(Business in Cameroon) – Cameroon is preparing to connect to the Medusa subsea cable, one of the largest connectivity projects linking Europe, the Mediterranean, and West Africa. This new link will bring to five the number of international systems serving the country, at a time of strong demand for high-speed Internet on the continent. But the move comes as Camtel uses only a small share of the capacity already available, raising questions about the sustainability of its business model.
During the 2026 budget presentation before the National Assembly, Minister of Posts and Telecommunications Minette Libom Li Likeng said Cameroon is moving forward with its plan to join the Medusa cable, now extended to West Africa. Camtel, the sole concessionaire of the national backbone and manager of subsea cable landing stations, will handle the connection. The minister said the company’s projects include the Medusa connection.
With Medusa, Cameroon will increase to five its international cable links, alongside the South Atlantic Inter Link (SAIL), the West African Submarine Cable (WACS), the South Atlantic Telecommunications Cable No. 3/South Africa Far East (SAT-3), and the Nigeria Cameroon Submarine Cable System (NCSCS).
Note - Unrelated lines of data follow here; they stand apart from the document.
(* Let $n$ be a positive integer, let $m$ be a real number with $7n^{3/5}\leq m\leq n$, and let $T\geq 0$ be an integer. Suppose that for every set $\Sigma'\subset[n]$ with $|\Sigma'|\geq m-7n^{3/5}$, every permutation of $\Sigma'$ contains a pair of close twins of length at least $T$. Then for every set $\Sigma\subset[n]$ with $|\Sigma|\geq m$, every permutation of $\Sigma$ contains a pair of close twins of length at least $T+n^{1/5}$.
   Context: A permutation of a finite set $\Sigma\subset\mathbb{N}$ is a sequence in which every element of $\Sigma$ appears exactly once; a subpermutation of a permutation is a subsequence of it. Two sequences $(a_1,\dots,a_L)$ and $(b_1,\dots,b_L)$ of distinct numbers are order-isomorphic if for all $i,j$: $a_i<a_j \iff b_i<b_j$. Two subpermutations of a permutation are called twins if they are order-isomorphic and disjoint (share no symbol); their length is their common number of entries. For a fixed $n$, twins $(a_1,\dots,a_L)$ and $(b_1,\dots,b_L)$ (where $a_i$ corresponds to $b_i$) are called close if $|b_i-a_i|\leq n^{2/5}$ for all $i$. The empty pair of subpermutations counts as close twins of length $0$. *)

From Stdlib Require Import Reals List Permutation.
Import ListNotations.
Open Scope R_scope.

Inductive subseq : list nat -> list nat -> Prop :=
| subseq_nil : subseq [] []
| subseq_skip : forall x s t, subseq s t -> subseq s (x :: t)
| subseq_take : forall x s t, subseq s t -> subseq (x :: s) (x :: t).

Definition order_iso (a b : list nat) : Prop :=
  length a = length b /\
  forall i j, (i < length a)%nat -> (j < length a)%nat ->
    ((nth i a 0 < nth j a 0)%nat <-> (nth i b 0 < nth j b 0)%nat).

Definition twins (p a b : list nat) : Prop :=
  subseq a p /\ subseq b p /\ order_iso a b /\
  (forall x, In x a -> ~ In x b).

Definition close_twins (n : nat) (p a b : list nat) : Prop :=
  twins p a b /\
  forall i, (i < length a)%nat ->
    Rabs (INR (nth i b 0%nat) - INR (nth i a 0%nat)) <= Rpower (INR n) (2/5).

Definition has_close_twins_len_ge (n : nat) (p : list nat) (x : R) : Prop :=
  exists a b, close_twins n p a b /\ INR (length a) >= x.

Definition subset_of_n (n : nat) (Sigma : list nat) : Prop :=
  NoDup Sigma /\ forall x, In x Sigma -> (1 <= x <= n)%nat.

(* Let x = n^(1/5), D = floor(x^2) and c = floor(x).  In a prefix P of the permutation of length
   about 5x^3, a greedy scan of the sorted values finds more than c^3 pairwise separated triples
   of values, each spanning at most D.  Two applications of the Erdos-Szekeres theorem to the
   positions in P of the three corners give c + 1 triples on which two of the corners occur in the
   same order; these corners form close twins of length c + 1 in P.  Deleting P and the c + 1
   windows [l, l + D] of those triples removes at most 7x^3 symbols, so the hypothesis yields close
   twins of length T among the remaining ones.  Being D-close and outside every window, their
   entries compare with each window in the same way, so both pairs of twins concatenate. *)

From Stdlib Require Import Bool ZArith Reals List Permutation Sorted Lia Lra.
Import ListNotations.
Open Scope nat_scope.

Lemma Permutation_filter {X : Type} (f : X -> bool) (l l' : list X) :
  Permutation l l' -> Permutation (filter f l) (filter f l').
Proof.
  induction 1; simpl; auto.
  - destruct (f x); auto.
  - destruct (f x), (f y); auto; apply perm_swap.
  - eapply perm_trans; eauto.
Qed.

Lemma StronglySorted_seq (a k : nat) : StronglySorted lt (seq a k).
Proof.
  revert a; induction k as [|k IH]; intros a; simpl; constructor; auto.
  apply Forall_forall; intros y Hy; apply in_seq in Hy; lia.
Qed.

Lemma StronglySorted_filter {X : Type} (R : X -> X -> Prop) (h : X -> bool) (l : list X) :
  StronglySorted R l -> StronglySorted R (filter h l).
Proof.
  induction 1 as [|x l Hs IH Hx]; simpl; [constructor|]; destruct (h x); auto.
  constructor; auto; rewrite Forall_forall in *.
  intros y Hy; apply filter_In in Hy; apply Hx; tauto.
Qed.

Lemma StronglySorted_map {X Y : Type} (R : Y -> Y -> Prop) (h : X -> Y) (l : list X) :
  StronglySorted (fun x y => R (h x) (h y)) l -> StronglySorted R (map h l).
Proof.
  induction 1 as [|x l Hs IH Hx]; simpl; constructor; auto.
  rewrite Forall_forall in *; intros y Hy; apply in_map_iff in Hy as (z & <- & Hz); auto.
Qed.

Lemma StronglySorted_impl_in {X : Type} (R R' : X -> X -> Prop) (l : list X) :
  (forall x y, In x l -> In y l -> R x y -> R' x y) -> StronglySorted R l -> StronglySorted R' l.
Proof.
  intros Himp Hs; induction Hs as [|x l Hs IH Hx]; constructor.
  - apply IH; intros; apply Himp; simpl; auto.
  - rewrite Forall_forall in *; intros y Hy; apply Himp; simpl; auto.
Qed.

Lemma StronglySorted_trichotomy {X : Type} (R : X -> X -> Prop) (l : list X) (x y : X) :
  StronglySorted R l -> In x l -> In y l -> x = y \/ R x y \/ R y x.
Proof.
  induction 1 as [|z l Hs IH Hz]; [contradiction|]; rewrite Forall_forall in Hz.
  intros [<-|Hx] [<-|Hy]; auto.
Qed.

Lemma StronglySorted_NoDup {X : Type} (R : X -> X -> Prop) (l : list X) :
  (forall x, In x l -> ~ R x x) -> StronglySorted R l -> NoDup l.
Proof.
  intros Hirr Hs; induction Hs as [|x l Hs IH Hx]; constructor.
  - rewrite Forall_forall in Hx; intros Hin; apply (Hirr x); simpl; auto.
  - apply IH; intros y Hy; apply Hirr; simpl; auto.
Qed.

Lemma subseq_nil_l (l : list nat) : subseq [] l.
Proof. induction l; constructor; auto. Qed.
This rise in capacity is strategic as the continent faces surging demand for high-speed Internet.
According to information obtained by Investir au Cameroun, the draft Memorandum of Understanding prepared by the parties has been sent to the Presidency and is awaiting approval from the head of state. The project is therefore in an advanced stage of institutional validation before operational work begins.
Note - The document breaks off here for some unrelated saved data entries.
(* M_k = S_k S_(k^-1) M_k, lifted from S_k = S_k S_(k^-1) S_k. *)
Lemma quot_symmetric : symmetrically_graded Sg -> symmetrically_graded_module Sg Mg.
Proof.
move=> Ssym k m; split.
- move=> [s /Ssym Ss ->]; move: Ss; elim/sumprod_min.
  + by rewrite raddf0; apply: sumprod0.
  + by move=> ? ? ? ?; rewrite raddfD; apply: sumprodD.
  + by move=> a b Sa Sb; rewrite lquot_piZ; apply: sumprod1 => //; exists b.
- elim/sumprod_min; [exact: Mg0|exact: MgD|].
  move=> a _ /(Sg_sumprod HS) Sa [t St ->].
  by exists (a * t); [rewrite -[k](gmulVK k k); apply: SgM|rewrite lquot_piZ].
Qed.

(* M vanishes in degree h since S_h lies in S S_h. *)
Lemma quot_grading_h (m : M) : Mg h m <-> m = 0.
Proof.
split=> [[s Ss ->]|->]; last exact: Mg0.
by apply/lquot_eq0/lidealP.
Qed.
End QuotientGrading.

Section StronglyGraded.
Variables (G : group) (S : pzRingType) (Sg : G -> S -> Prop).
Hypothesis HST : strongly_graded Sg.

(* S_g S_(g^-1) S_g = S_e S_g = S_g. *)
Lemma strongly_symmetric : symmetrically_graded Sg.
Proof.
move=> g x; have Se y : sumprod *%R (Sg g) (Sg (ginv g)) y <-> Sg (gone G) y.
  by rewrite -(gmulVr g); apply: HST.
have := HST (gone G) g x; rewrite gmul1l => <-.
by split; apply: sumprod_mono => // y /Se.
Qed.

(* A symmetric module vanishing in one degree g vanishes in every degree k, since
   S_k S_(k^-1) = S_e = S_(k g^-1) S_(g k^-1) and S_(g k^-1) M_k lies in M_g. *)
Lemma strongly_module_vanish (g : G) (M : lmodType S) (Mg : G -> M -> Prop) :
  graded_module Sg Mg -> symmetrically_graded_module Sg Mg ->
  (forall m, Mg g m -> m = 0) -> forall m : M, m = 0.
Proof.
move=> [[_ [Mdec _]] SMg] Msym Mg0.
have Mk0 k n : Mg k n -> n = 0.
  move=> /Msym; elim/sumprod_min => [//|z1 z2 -> ->|a b Sa Mb]; first by rewrite addr0.
  have : Sg (gone G) a by rewrite -(gmulVr k); apply/HST.
  rewrite -(gmul_transit g k) => /HST; elim/sumprod_min => [|z1 z2 z1b z2b|c d _ Sd].
  - by rewrite scale0r.
  - by rewrite scalerDl z1b z2b addr0.
  have Mdb : Mg g (d *: b) by rewrite -(gmulVK g k); apply: SMg; apply: sumprod1.
  by rewrite -scalerA (Mg0 _ Mdb) scaler0.
move=> m; have [s [Hs ->]] := Mdec m.
by elim: Hs => [|p l /Mk0 p0 _ IH]; rewrite ?big_nil // big_cons p0 IH addr0.
Qed.
End StronglyGraded.
(* Let $T>0$, $\lambda>0$, let $\theta:[0,T]\to(0,\infty)$ be continuous, $g_t=\sqrt{2\lambda^2\theta_t}$, $\bar\theta_T=\int_0^T\theta_zdz$, $\gamma\in(0,\infty)$, and $x_0,x_T\in\mathbb{R}^d$. Consider the problem of minimizing $\int_0^T\frac12\|\mathbf{u}_t\|_2^2dt+\frac\gamma2\|\mathbf{x}^u_T-x_T\|_2^2$ over controls $\mathbf{u}:[0,T]\to\mathbb{R}^d$, subject to $\frac{d\mathbf{x}_t}{dt}=\theta_t(x_T-\mathbf{x}_t)+g_t\mathbf{u}_t$, $\mathbf{x}^u_0=x_0$. Then the terminal state $\mathbf{x}^u_T$ of the optimally controlled trajectory satisfies $$\|\mathbf{x}^u_T-x_T\|_2^2=\frac{e^{-2\bar\theta_T}}{\big(1+\gamma\lambda^2(1-e^{-2\bar\theta_T})\big)^2}\,\|x_T-x_0\|_2^2 .$$
   Context: This is the optimal control problem associated with the generalized Ornstein–Uhlenbeck process $d\mathbf{x}_t=\theta_t(\boldsymbol{\mu}-\mathbf{x}_t)dt+g_td\mathbf{w}_t$ with mean $\boldsymbol{\mu}=x_T$ and $g_t^2=2\lambda^2\theta_t$. *)

From Stdlib Require Import Reals List.
From Coquelicot Require Import Coquelicot.
Open Scope R_scope.

(* Vectors of R^d are represented as functions nat -> R; only the
   coordinates 0 .. d-1 are meaningful. *)
Definition vec := nat -> R.

Definition sqnorm (d : nat) (v : vec) : R :=
  fold_right Rplus 0 (map (fun i => v i ^ 2) (seq 0 d)).

Definition vsub (v w : vec) : vec := fun i => v i - w i.

Definition cont_on (f : R -> R) (a b : R) : Prop :=
  forall t, a <= t <= b ->
    filterlim f (within (fun s => a <= s <= b) (locally t)) (locally (f t)).

Definition admissible (d : nat) (T : R) (u : R -> vec) : Prop :=
  forall i, (i < d)%nat -> cont_on (fun t => u t i) 0 T.

Definition gfun (lam : R) (theta : R -> R) (t : R) : R :=
  sqrt (2 * lam ^ 2 * theta t).

Definition is_state (d : nat) (T lam : R) (theta : R -> R) (x0 xT : vec)
  (u : R -> vec) (x : R -> vec) : Prop :=
  forall i, (i < d)%nat ->
    x 0 i = x0 i /\
    cont_on (fun t => x t i) 0 T /\
    (forall t, 0 < t < T ->
       is_derive (fun s => x s i) t
         (theta t * (xT i - x t i) + gfun lam theta t * u t i)).

Definition cost (d : nat) (T gam : R) (xT : vec) (u : R -> vec) (x : R -> vec) : R :=
  RInt (fun t => / 2 * sqnorm d (u t)) 0 T + gam / 2 * sqnorm d (vsub (x T) xT).

Definition optimal (d : nat) (T lam gam : R) (theta : R -> R) (x0 xT : vec)
  (u : R -> vec) (x : R -> vec) : Prop :=
  admissible d T u /\ is_state d T lam theta x0 xT u x /\
  forall v y, admissible d T v -> is_state d T lam theta x0 xT v y ->
    cost d T gam xT u x <= cost d T gam xT v y.

From Stdlib Require Import Reals List Lra Lia.
From Coquelicot Require Import Coquelicot.
Open Scope R_scope.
Launched in 2022, the Medusa cable stretches more than 8,700 km, with 24 fiber pairs and a total capacity of 480 terabits. It already connects Morocco, Portugal, Spain, France, Algeria, Tunisia, Italy, Greece, Cyprus, and Egypt. The project costs €342 million (224 billion CFA), financed by AFR-IX Telecom, Orange, and the European Union. The European Investment Bank provided a €40 million grant for its deployment.
In March 2025, the European Commission released an additional €14.3 million to extend Medusa to West Africa. The goal is twofold: improve digital resilience in the region and reduce international bandwidth costs. A World Bank study (July 2024) found that doubling international capacity cuts fixed broadband prices by an average of 7% and mobile prices by 13% in Africa, raising expectations for Medusa’s impact on end-user tariffs.
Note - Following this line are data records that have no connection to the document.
(* Let $s:N_S\to\ell_2$ be any bijection with $s(n)=ne_1$ for all $n\in\mathbf{N}$, and let $x\oplus_s y=s^{-1}(s(x)+s(y))$. Then it is not the case that $\underbrace{m\oplus_s\cdots\oplus_s m}_{n}=nm$ for all $n\in\mathbf{N}$ and all $m\in N_S$.
   Context: $\mathbf{N}=\{1,2,3,\dots\}$. $\ell_2$ is the Hilbert space of square-summable real sequences and $e_1=(1,0,0,\dots)$. The set $N_S$ of supernatural (Steinitz) numbers consists of formal products $n=\prod_{p} p^{e_p(n)}$ over all primes $p$, with exponents $e_p(n)\in\{0,1,2,\dots\}\cup\{\infty\}$ (possibly infinitely many nonzero); $\mathbf{N}$ is identified with the elements having all exponents finite and only finitely many nonzero. Multiplication is defined by adding exponents, with $\infty+e=\infty$ (so e.g. $2\cdot 2^\infty=2^\infty$ and $3\cdot 2^\infty\ne 2^\infty$). *)

From mathcomp Require Import all_boot.
From Stdlib Require Import Reals.

Set Implicit Arguments.
Unset Strict Implicit.

(* Extended exponents {0,1,2,...} U {oo}: [Some k] = k, [None] = oo. *)
Definition ext_add (a b : option nat) : option nat :=
  match a, b with
  | Some x, Some y => Some (x + y)%N
  | _, _ => None
  end.

(* Supernatural (Steinitz) numbers: exponent e_p for every prime p;
   non-prime indices are normalised to exponent 0. *)
Definition NS : Type :=
  {e : nat -> option nat | forall p, ~~ prime p -> e p = Some 0%N}.

Definition NS_exp (x : NS) (p : nat) : option nat := proj1_sig x p.

Lemma NS_mul_proof (x y : NS) :
  forall p, ~~ prime p -> ext_add (NS_exp x p) (NS_exp y p) = Some 0%N.
Proof.
move=> p np; rewrite /NS_exp (proj2_sig x p np) (proj2_sig y p np) //.
Qed.

Definition NS_mul (x y : NS) : NS :=
  exist _ (fun p => ext_add (NS_exp x p) (NS_exp y p)) (NS_mul_proof x y).

Lemma NS_of_nat_proof (n : nat) :
  forall p, ~~ prime p -> (if prime p then Some (logn p n) else Some 0%N) = Some 0%N.
Proof. by move=> p /negbTE ->. Qed.

(* Embedding of N = {1,2,...} into N_S: e_p(n) = p-adic valuation of n.
   (Only used for n >= 1.) *)
Definition NS_of_nat (n : nat) : NS :=
  exist _ (fun p => if prime p then Some (logn p n) else Some 0%N)
        (NS_of_nat_proof n).

Definition l2 (f : nat -> R) : Prop :=
  exists l : R, infinite_sum (fun i => (f i * f i)%R) l.

Definition e1 : nat -> R := fun i => if (i == 0)%N then 1%R else 0%R.

Definition seq_add (f g : nat -> R) : nat -> R := fun i => (f i + g i)%R.
Definition seq_scale (c : R) (f : nat -> R) : nat -> R := fun i => (c * f i)%R.

(* x (+)_s y = s^{-1}(s x + s y), where sinv is the inverse of s on l_2. *)
Definition oplus_s (s : NS -> nat -> R) (sinv : (nat -> R) -> NS) (x y : NS) : NS :=
  sinv (seq_add (s x) (s y)).

(* iter_oplus s sinv k m = m (+)_s m (+)_s ... (+)_s m with k+1 copies of m. *)
Fixpoint iter_oplus (s : NS -> nat -> R) (sinv : (nat -> R) -> NS) (k : nat) (m : NS) : NS :=
  match k with
  | 0 => m
  | k'.+1 => oplus_s s sinv (iter_oplus s sinv k' m) m
  end.

Definition nfold_oplus s sinv (n : nat) (m : NS) : NS := iter_oplus s sinv n.-1 m.

(* If [2 m = m], then [m (+)_s m = m], so [s m + s m = s m] and [s m = 0].
   Every supernatural number with [e_2 = oo] is fixed by multiplication by 2,
   e.g. [2^oo] and [3 * 2^oo]; both would be sent to [0], contradicting the
   injectivity of [s]. *)
From mathcomp Require Import all_boot.
From Stdlib Require Import Reals Lra ProofIrrelevance FunctionalExtensionality.

Lemma l2_seq_scale (c : R) (f : nat -> R) : l2 f -> l2 (seq_scale c f).
Proof.
move=> [l Hl]; exists (c * c * l)%R.
have Hcc : Un_cv (fun _ : nat => (c * c)%R) (c * c)%R.
  by move=> eps He; exists 0%N => n _; rewrite /Rdist Rminus_diag Rabs_R0.
apply: Un_cv_ext (CV_mult _ _ _ _ Hcc Hl) => n.
by rewrite scal_sum; apply: sum_eq => i _; rewrite /seq_scale; ring.
Qed.

Lemma seq_add_diag (f : nat -> R) : seq_add f f = seq_scale 2 f.
Proof. by apply: functional_extensionality => i; rewrite /seq_add /seq_scale; ring. Qed.

Section OplusIdempotent.

Variables (s : NS -> nat -> R) (sinv : (nat -> R) -> NS).
Hypothesis s_in_l2 : forall x, l2 (s x).
Hypothesis s_sinv : forall f, l2 f -> s (sinv f) = f.

Lemma oplus_s_idem_eq0 (x : NS) : oplus_s s sinv x x = x -> s x = (fun _ => 0%R).
Proof.
move=> xx; have sxx : seq_add (s x) (s x) = s x.
  by rewrite -{3}xx /oplus_s s_sinv // seq_add_diag; apply/l2_seq_scale.
apply: functional_extensionality => i.
by have := f_equal (fun g => g i) sxx; rewrite /seq_add; lra.
Qed.

End OplusIdempotent.

Lemma NS_ext (x y : NS) : (forall p, NS_exp x p = NS_exp y p) -> x = y.
Proof.
move=> exy; apply: eq_sig_hprop => [e h1 h2|]; first exact: proof_irrelevance.
exact: functional_extensionality.
Qed.

Lemma NS_mul2_fixed (m : NS) : NS_exp m 2 = None -> NS_mul (NS_of_nat 2) m = m.
Proof.
move=> m2; apply: NS_ext => p; rewrite /NS_mul /NS_exp /=.
case pp: (prime p); last by rewrite (proj2_sig m p (negbT pp)).
case: (eqVneq p 2) => [-> | p_neq2]; first by rewrite -/(NS_exp m 2) m2.
by rewrite logn_prime //; move/negbTE: p_neq2 => ->; case: (proj1_sig m p).
Qed.

Lemma two_inf_proof :
  forall p, ~~ prime p -> (if p == 2 then None else Some 0) = Some 0%N.
Proof. by move=> p; case: eqP => // ->. Qed.

Definition two_inf : NS :=
  exist _ (fun p => if p == 2 then None else Some 0) two_inf_proof.

Lemma two_inf_neq_mul3 : two_inf <> NS_mul (NS_of_nat 3) two_inf.
Proof. by move/(f_equal (fun x => NS_exp x 3)). Qed.

Theorem mainTheorem14 (s : NS -> nat -> R) (sinv : (nat -> R) -> NS)
  (s_in_l2 : forall x, l2 (s x))
  (sinv_s : forall x, sinv (s x) = x)
  (s_sinv : forall f, l2 f -> s (sinv f) = f)
  (s_nat : forall n : nat, (1 <= n)%N -> s (NS_of_nat n) = seq_scale (INR n) e1) :
  ~ (forall (n : nat) (m : NS), (1 <= n)%N ->
       nfold_oplus s sinv n m = NS_mul (NS_of_nat n) m).
Proof.
move=> nfold_mul.
have s_eq0 m : NS_exp m 2 = None -> s m = (fun _ => 0%R).
  move=> m2; apply: (oplus_s_idem_eq0 _ _ s_in_l2 s_sinv).
  by have := nfold_mul 2 m isT; rewrite NS_mul2_fixed.
apply: two_inf_neq_mul3.
by rewrite -[LHS]sinv_s -[RHS]sinv_s !s_eq0.
Qed.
Operational challenges for Camtel
The Medusa connection comes with a paradox: Camtel currently uses only 16% of the combined capacity of its four subsea cables, according to a June 2024 report from the Chamber of Accounts. The company uses only 6% of SAIL, 57% of WACS, 29% of SAT-3, and 92% of NCSCS, showing wide disparities between routes.
To explain this underuse, Camtel cites the region’s low Internet penetration rate, which fell short of initial projections for fast-growing bandwidth demand. The company also notes that 83% of Africa’s Internet traffic goes to Europe, reducing the appeal of SAIL and contributing to its very low utilization rate.
Camtel also points to transit and termination costs in Cameroon, which it says are far from global standards. These costs directly affect retail prices for electronic communications and can slow market growth, according to the operator.
The Chamber of Accounts recommends optimizing annual billing based on actual capacity used. It estimates that revenues could reach 2.1 billion CFA for WACS, 9.3 billion CFA for SAT-3, and 2.2 billion CFA for NCSCS, based on 2014 projections. The continued underuse of subsea cables therefore raises questions about the viability of the current business model and Cameroon’s ability to fully leverage its digital infrastructure to strengthen competitiveness.